Ordinary people like me “invest” in 401K plans or IRAs or mutual funds for their retirement, or to supplement their working income. They are looking for a reasonable rate of return, but don’t expect to make a killing. The companies they “invest” in never see a cent of their money. They don’t do the companies any good, but they want the companies to do well because it’s in their own interest.
Then there are the speculators, who would just as soon wreck a company. Until a short time ago, I had never known that “selling short” involves trading in stock that the speculator doesn’t own. They’re supposed to “borrow” the stock, but from what I’ve read they don’t actually have to. Here’s a terrorist scenario for you: Al Qaeda mounting a scheme to sell everything short and bring down the economy.
• There is no such thing as “business ethics.” Businessmen have the same rights and responsibilities as anybody else – neither more nor less. And the best way to ensure that businessmen behave ethically is to treat them exactly like everyone else.

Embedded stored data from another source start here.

(* Since F_p(z) = |z|^(p-2) z, a point of W_p is u = (w - z) conj(a w - b z) with
   a = |w|^(p-2), b = |z|^(p-2). Writing X + iY = w conj z, its real and imaginary parts are
   a|w|^2 + b|z|^2 - (a+b) X and (a-b) Y, and X^2 + Y^2 = |w|^2 |z|^2. As
   cos phi_p = 2 sqrt(p-1) / p, the sector Sigma_p is 4(p-1) Im^2 <= (p-2)^2 Re^2, Re >= 0,
   and for u this reduces to the monotonicity of x |-> x^(p-1) and to the nonnegativity of
   g(x) = (p-2)^2 2cosh(px) - p^2 2cosh((p-2)x) + 8(p-1) at x = ln(|w|/|z|). This holds
   because g(0) = g'(0) = 0 and g'' >= 0, as |(p-2)x| <= |px|.
   Conversely, F_p is (p-1)-homogeneous, so W_p is invariant under positive dilations, and
   for w = 1 + e(1 + it), z = 1 the points u/e^2 tend to (p-1+t^2, (p-2)t) as e -> 0; every
   nonzero point of the sector is a positive multiple of such a limit. *)

Lemma MVT_from_zero (f f' : R -> R) (y : R) :
  (forall x, is_derive f x (f' x)) -> f 0 = 0 -> y <> 0 ->
  exists c, 0 < c * y /\ f y = f' c * y.
Proof.
  intros Hd Hf0 Hy.
  assert (Hd' : forall c, derivable_pt_lim f c (f' c)) by (intros c; apply is_derive_Reals, Hd).
  destruct (Rtotal_order 0 y) as [Hlt | [Heq | Hgt]]; [| congruence |].
  - destruct (MVT_cor2 f f' 0 y Hlt (fun c _ => Hd' c)) as [c [Hc Hcy]].
    exists c. split; [nra | lra].
  - destruct (MVT_cor2 f f' y 0 Hgt (fun c _ => Hd' c)) as [c [Hc Hcy]].
    exists c. split; [nra | lra].
Qed.

Lemma mul_id_nonneg_of_deriv_nonneg (f f' : R -> R) :
  (forall x, is_derive f x (f' x)) -> f 0 = 0 -> (forall x, 0 <= f' x) ->
  forall y, 0 <= f y * y.
Proof.
  intros Hd Hf0 Hf' y.
  destruct (Req_dec y 0) as [-> | Hy]; [lra |].
  destruct (MVT_from_zero f f' y Hd Hf0 Hy) as [c [_ ->]].
  specialize (Hf' c). nra.
Qed.

Lemma nonneg_of_deriv_mul_id_nonneg (f f' : R -> R) :
  (forall x, is_derive f x (f' x)) -> f 0 = 0 -> (forall x, 0 <= f' x * x) ->
  forall y, 0 <= f y.
Proof.
  intros Hd Hf0 Hf' y.
  destruct (Req_dec y 0) as [-> | Hy]; [lra |].
  destruct (MVT_from_zero f f' y Hd Hf0 Hy) as [c [Hcy ->]].
  specialize (Hf' c). nra.
Qed.

Lemma exp_le_exp (x y : R) : x <= y -> exp x <= exp y.
Proof.
  intros [Hlt | ->]; [apply Rlt_le, exp_increasing, Hlt | apply Rle_refl].
Qed.

Lemma exp_sym_le (a b : R) : b ^ 2 <= a ^ 2 -> exp b + exp (- b) <= exp a + exp (- a).
Proof.
  intros Hab.
  assert (Hfac : exp a + exp (- a) - (exp b + exp (- b))
                 = (exp a - exp b) * (1 - exp (- (a + b)))).
  { rewrite Ropp_plus_distr, exp_plus, !exp_Ropp.
    field. split; apply Rgt_not_eq, exp_pos. }
  assert (Hsign : 0 <= (exp a - exp b) * (1 - exp (- (a + b)))).
  { destruct (Rtotal_order a b) as [Hlt | [-> | Hgt]].
    - assert (exp a <= exp b) by (apply exp_le_exp; lra).
      assert (1 <= exp (- (a + b))) by (rewrite <- exp_0; apply exp_le_exp; nra).
      nra.
    - lra.
    - assert (exp b <= exp a) by (apply exp_le_exp; lra).
      assert (exp (- (a + b)) <= 1) by (rewrite <- exp_0; apply exp_le_exp; nra).
      nra. }
  lra.
Qed.

Definition defect (p x : R) : R :=
  (p - 2) ^ 2 * (exp (p * x) + exp (- (p * x)))
  - p ^ 2 * (exp ((p - 2) * x) + exp (- ((p - 2) * x))) + 8 * (p - 1).

Definition defect' (p x : R) : R :=
  p * (p - 2) ^ 2 * (exp (p * x) - exp (- (p * x)))
  - p ^ 2 * (p - 2) * (exp ((p - 2) * x) - exp (- ((p - 2) * x))).

Definition defect'' (p x : R) : R :=
  p ^ 2 * (p - 2) ^ 2 * (exp (p * x) + exp (- (p * x)) - (exp ((p - 2) * x) + exp (- ((p - 2) * x)))).

Lemma is_derive_defect (p x : R) : is_derive (defect p) x (defect' p x).
Proof. unfold defect, defect'. auto_derive; [auto | ring]. Qed.

Lemma is_derive_defect' (p x : R) : is_derive (defect' p) x (defect'' p x).
Proof. unfold defect', defect''. auto_derive; [auto | ring]. Qed.

Lemma defect_nonneg (p x : R) : 1 < p -> 0 <= defect p x.
Proof.
  intros hp.
  apply (nonneg_of_deriv_mul_id_nonneg _ _ (is_derive_defect p)).
  { unfold defect. rewrite !Rmult_0_r, Ropp_0, exp_0. ring. }
  apply (mul_id_nonneg_of_deriv_nonneg _ _ (is_derive_defect' p)).
  { unfold defect'. rewrite !Rmult_0_r, Ropp_0, exp_0. ring. }
  intros y. unfold defect''.
  assert (Hsq : ((p - 2) * y) ^ 2 <= (p * y) ^ 2) by nra.
  pose proof (exp_sym_le _ _ Hsq).
  assert (0 <= p ^ 2 * (p - 2) ^ 2) by (apply Rmult_le_pos; apply pow2_ge_0).
  nra.
Qed.

Lemma Rpower_pos (x y : R) : 0 < Rpower x y.
Proof. apply exp_pos. Qed.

Suppose I’m too cheap to maintain my car. I’m driving around with bald tires and bad brakes, and end up running down and killing somebody as a result. I’d end up in jail. Now suppose I’m the CEO of a company, and I’m too cheap to ensure that my plants are operated safely. One of my plants blows up as a result, and a number of workers are killed.
Get the idea? Under current regulatory laws, my company might be fined but, hey, that’s just the cost of doing business. But if I knew I could end up in the slammer, you better believe that I’d have a powerful motive to do my job right. It’s the same with any number of other issues. As an individual, I couldn’t get away with dumping my garbage on your front lawn; so as a manufacturer, why should I have the right to dump my toxic waste on other people’s property?
Ethics and the law should be the same for the CEO and the ordinary Joe. The best among us will do the right thing as a matter of principle. Others may need the stick as well as the carrot. But the bottom line is personal responsibility – something sorely lacking on Wall Street, Detroit or Capitol Hill.